VENERDI’ 12 FEBBRAIO 2010 – il Gazzettino
Leggo con stupore l’articolo pubblicato sul Gazzettino del 19 gennaio scorso, in cui il dottor Francavilla sostiene che non è Sua intenzione abbandonare il territorio bellunese, ma al tempo stesso ripete più volte che una delle problematiche da affrontare è la carenza di manodopera.
Tra le Sue dichiarazioni emerge poi che la manodopera locale «latita» e che la Sua azienda è costretta a ricercare personale «fuori dalla provincia se non addirittura da Paesi extracomunitari».
A questo punto mi chiedo come mai nel dicembre 2009, dopo tre anni di lavoro presso la Sua azienda, io come altri 30 dipendenti ci siamo visti licenziare senza alcuna motivazione. E alla nostra richiesta di spiegazioni ci siamo sentiti rispondere «Francavilla ha deciso così!».
Quale criterio è stato utilizzato per decidere chi doveva rimanere e chi doveva tornarsene a casa? E soprattutto perché lasciarci a casa per poi lamentarsi di non avere manodopera? Non mi ritengo per niente «latitante», anzi, e oltre a essere «bellunese», sono quotidianamente in attesa di una telefonata dal vostro ufficio del personale per tornare al lavoro. Lavoro che mi permetterebbe di pagare l’affitto e il mutuo che mensilmente gravano sul mio bilancio familiare.

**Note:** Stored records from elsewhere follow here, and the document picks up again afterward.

(* Consider an instance of the Steiner Team Orienteering Problem and the linear program $\mathcal{L}_2$ as described in the context. Every feasible solution $(x,y,f,\varphi)$ of $\mathcal{L}_2$ satisfies $\sum_{(i,j)\in A}d_{ij}x_{ij}\le mT$.
   Context: An instance of the Steiner Team Orienteering Problem (STOP) consists of: a digraph $G=(N,A)$; an origin $s\in N$ and a destination $t\in N$ with $s\neq t$; disjoint sets $S,P\subseteq N\setminus\{s,t\}$ (mandatory and profitable vertices) with $N=S\cup P\cup\{s,t\}$; rewards $p_i\in\mathbb{Z}^+$ for $i\in P$; traverse times $d_{ij}\in\mathbb{R}^+$ for $(i,j)\in A$; a number $m$ of vehicles and a time limit $T$. For $i\in N$ let $\delta^+(i)=\{j\in N:(i,j)\in A\}$ and $\delta^-(i)=\{j\in N:(j,i)\in A\}$. For $i,j\in N$, $R_{ij}$ denotes the minimum of $\sum_{a\in A_p}d_a$ over all paths $p$ from $i$ to $j$ in $G$ (with arc set $A_p$), and $R_{ii}=0$. $\mathcal{L}_2$ is the linear program: maximize $\sum_{i\in P}p_iy_i$ over $x\in\mathbb{R}^A$, $y\in\mathbb{R}^N$, $f\in\mathbb{R}^A$, $\varphi\in\mathbb{R}$ subject to: $y_i=1$ for all $i\in S\cup\{s,t\}$; $\sum_{j\in\delta^+(i)}x_{ij}=y_i$ for all $i\in S\cup P$; $\sum_{j\in\delta^+(s)}x_{sj}=\sum_{i\in\delta^-(t)}x_{it}=m-\varphi$; $\sum_{i\in\delta^-(s)}x_{is}=\sum_{j\in\delta^+(t)}x_{tj}=0$; $\sum_{j\in\delta^+(i)}x_{ij}-\sum_{j\in\delta^-(i)}x_{ji}=0$ for all $i\in S\cup P$; $f_{sj}=(T-d_{sj})x_{sj}$ for all $j\in\delta^+(s)$; $\sum_{j\in\delta^-(i)}f_{ji}-\sum_{j\in\delta^+(i)}f_{ij}=\sum_{j\in\delta^+(i)}d_{ij}x_{ij}$ for all $i\in S\cup P$; $f_{ij}\le(T-R_{si}-d_{ij})x_{ij}$ for all $(i,j)\in A$ with $i\neq s$; $f_{ij}\ge R_{jt}x_{ij}$ for all $(i,j)\in A$; $0\le x\le1$, $0\le y\le 1$, $f\ge0$, $0\le\varphi\le m$. (It is the linear relaxation of the integer formulation $\mathcal{F}_2$ in which $x,y$ are binary.) *)

From HB Require Import structures.
From mathcomp Require Import all_boot all_order all_algebra.
From mathcomp Require Import all_classical all_reals ereal.
Set Implicit Arguments. Unset Strict Implicit. Unset Printing Implicit Defensive.
Import Order.TTheory GRing.Theory Num.Theory.
Local Open Scope ring_scope.

(* A path from i is a vertex sequence [:: i, v1, ..., vk] such that
   consecutive vertices are joined by arcs (path A i [:: v1; ...; vk]). *)

Fixpoint path_time (R : numDomainType) (N : finType) (d : N -> N -> R)
    (i : N) (q : seq N) : R :=
  match q with
  | [::] => 0
  | j :: q' => d i j + path_time d j q'
  end.

(* R_ij: minimum traverse time of a path from i to j in G, with R_ii = 0.
   Taken as an extended real: the infimum over all paths from i to j
   (= +oo if j is not reachable from i). *)
Definition Rdist (R : realType) (N : finType) (A : rel N) (d : N -> N -> R)
    (i j : N) : \bar R :=
  if i == j then 0%E
  else ereal_inf [set (path_time d i q)%:E | q in
                  [set q : seq N | path A i q /\ last i q = j]].

(* Feasibility for the linear program L_2. The variable vectors x, f in R^A
   and y in R^N are modelled as functions; only their values on arcs
   (resp. vertices) are constrained. *)
Definition L2_feasible (R : realType) (N : finType) (A : rel N) (s t : N)
    (S P : {set N}) (d : N -> N -> R) (m : nat) (T : R)
    (x : N -> N -> R) (y : N -> R) (f : N -> N -> R) (phi : R) : Prop :=
  (forall i, (i \in S) || (i == s) || (i == t) -> y i = 1) /\
  (forall i, (i \in S) || (i \in P) -> \sum_(j | A i j) x i j = y i) /\
  \sum_(j | A s j) x s j = m%:R - phi /\ \sum_(i | A i t) x i t = m%:R - phi /\
  \sum_(i | A i s) x i s = 0 /\ \sum_(j | A t j) x t j = 0 /\
  (forall i, (i \in S) || (i \in P) ->
      \sum_(j | A i j) x i j - \sum_(j | A j i) x j i = 0) /\
  (forall j, A s j -> f s j = (T - d s j) * x s j) /\
  (forall i, (i \in S) || (i \in P) ->
      \sum_(j | A j i) f j i - \sum_(j | A i j) f i j
      = \sum_(j | A i j) d i j * x i j) /\
  (forall i j, A i j -> i != s ->
      ((f i j)%:E <= ((T - d i j)%:E - Rdist A d s i) * (x i j)%:E)%E) /\
  (forall i j, A i j -> (Rdist A d j t * (x i j)%:E <= (f i j)%:E)%E) /\
  (forall i j, A i j -> 0 <= x i j <= 1) /\
  (forall i, 0 <= y i <= 1) /\
  (forall i j, A i j -> 0 <= f i j) /\
  0 <= phi <= m%:R.

(* Summed over all vertices, the net inflow of f vanishes, since both the
   total inflow and the total outflow are the sum of f over all arcs.  On the
   vertices of S and P the net inflow of f equals the weighted outflow
   sum_j d_ij x_ij, so the total travel time is the travel time leaving s plus
   the net outflow of f at s and t.  At t nothing leaves (x_tj = 0 and hence
   f_tj = 0), and at s the arcs satisfy d_sj x_sj + f_sj = T x_sj, which sums
   to T (m - phi) <= m T. *)
From HB Require Import structures.
From mathcomp Require Import all_boot all_order all_algebra.
From mathcomp Require Import all_classical all_reals ereal.
From mathcomp Require Import lra.
Set Implicit Arguments. Unset Strict Implicit. Unset Printing Implicit Defensive.
Import Order.TTheory GRing.Theory Num.Theory.
Local Open Scope ring_scope.

Section ArcFlows.
Variables (R : numDomainType) (N : finType) (A : rel N).

Definition inflow (g : N -> N -> R) (i : N) : R := \sum_(j | A j i) g j i.
Definition outflow (g : N -> N -> R) (i : N) : R := \sum_(j | A i j) g i j.

Lemma sum_inflow (g : N -> N -> R) : \sum_i inflow g i = \sum_i outflow g i.
Proof.
rewrite /inflow /outflow.
under eq_bigr do rewrite big_mkcond.
under [RHS]eq_bigr do rewrite big_mkcond.
by rewrite exchange_big.
Qed.

Lemma bigD2 (F : N -> R) (s t : N) : s != t ->
  \sum_i F i = F s + F t + \sum_(i | (i != s) && (i != t)) F i.
Proof.
move=> neq_st; rewrite (bigD1 s) //= (bigD1 t) /=; last by rewrite eq_sym.
by rewrite addrA.
Qed.

Lemma sum_net_inflow_except2 (g : N -> N -> R) (s t : N) : s != t ->
  \sum_(i | (i != s) && (i != t)) (inflow g i - outflow g i)
  = (outflow g s - inflow g s) + (outflow g t - inflow g t).
Proof.
move=> neq_st.
have net0 : \sum_i (inflow g i - outflow g i) = 0.
  by rewrite sumrB sum_inflow subrr.
move: net0; rewrite (bigD2 _ neq_st) => /eqP; rewrite addrC addr_eq0 => /eqP->.
by rewrite opprD !opprB.
Qed.

Lemma inflow_ge0 (g : N -> N -> R) :
  (forall i j, A i j -> 0 <= g i j) -> forall i, 0 <= inflow g i.
Proof. by move=> g_ge0 i; apply: sumr_ge0 => j /g_ge0. Qed.

End ArcFlows.

Theorem proposition1 (R : realType) (N : finType) (A : rel N) (s t : N)
    (S P : {set N}) (p : N -> nat) (d : N -> N -> R) (m : nat) (T : R)
    (hst : s != t)
    (hSP : [disjoint S & P])
    (hs : (s \notin S) && (s \notin P)) (ht : (t \notin S) && (t \notin P))
    (hN : forall i, [|| i \in S, i \in P, i == s | i == t])
    (hp : forall i, i \in P -> (0 < p i)%N)
    (hd : forall i j, A i j -> 0 < d i j)
    (hT : 0 <= T)
    (x : N -> N -> R) (y : N -> R) (f : N -> N -> R) (phi : R) :
  L2_feasible A s t S P d m T x y f phi ->
  \sum_(i : N) \sum_(j | A i j) d i j * x i j <= m%:R * T.
Proof.
move=> [_ [_ [x_out_s [_ [_ [x_out_t [_ [f_out_s [f_flow
  [f_ub [_ [x01 [_ [f_ge0 phi_bounds]]]]]]]]]]]]]].
case/andP: phi_bounds => phi_ge0 _.
pose dx i j := d i j * x i j.
have x_t0 j : A t j -> x t j = 0.
  by apply: (psumr_eq0P _ x_out_t) => k /x01 /andP[].
have dx_t : outflow A dx t = 0.
  by rewrite /outflow big1 // => j Atj; rewrite /dx x_t0 // mulr0.
have f_t : outflow A f t = 0.
  rewrite /outflow big1 // => j Atj; apply/eqP; rewrite eq_le f_ge0 // andbT.
  by have := f_ub t j Atj; rewrite eq_sym hst x_t0 // mule0 lee_fin; apply.
have dx_f_s : outflow A dx s + outflow A f s = T * (m%:R - phi).
  rewrite -x_out_s /outflow -big_split mulr_sumr; apply: eq_bigr => j Asj.
  by rewrite /dx /= f_out_s // -mulrDl subrKC.
have dx_inner : \sum_(i | (i != s) && (i != t)) outflow A dx i
                = \sum_(i | (i != s) && (i != t)) (inflow A f i - outflow A f i).
  apply: eq_bigr => i /andP[/negbTE i_s /negbTE i_t]; rewrite f_flow //.
  by move: (hN i); rewrite i_s i_t !orbF.
have := inflow_ge0 f_ge0 s; have := inflow_ge0 f_ge0 t.
have := mulr_ge0 hT phi_ge0.
rewrite (bigD2 (outflow A dx) hst) dx_inner sum_net_inflow_except2 // dx_t f_t.
move: dx_f_s; clear -hT; lra.
Qed.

Come si dice, «oltre al danno, la beffa»: dopo il licenziamento anche la presa in giro di leggere queste Sue affermazioni sul giornale.
Mi dispiace signor Francavilla, ma fatico a credere che non troviate personale, soprattutto in questo periodo di crisi. Forse le sarebbe utile una visita agli uffici per l’impiego e all’Inps, così vedrebbe le file per la richiesta di disoccupazione.
Proprio in questi uffici, dopo le feste natalizie, ho rivisto i miei colleghi, e mi creda: non è stato affatto un incontro piacevole. Quindi, prima di lamentare la carenza di manodopera, potrebbe consultare i curricula delle persone da Lei licenziate nel dicembre 2009 e richiamarle al lavoro. Siamo in tanti, bellunesi, e abbiamo bisogno di lavorare.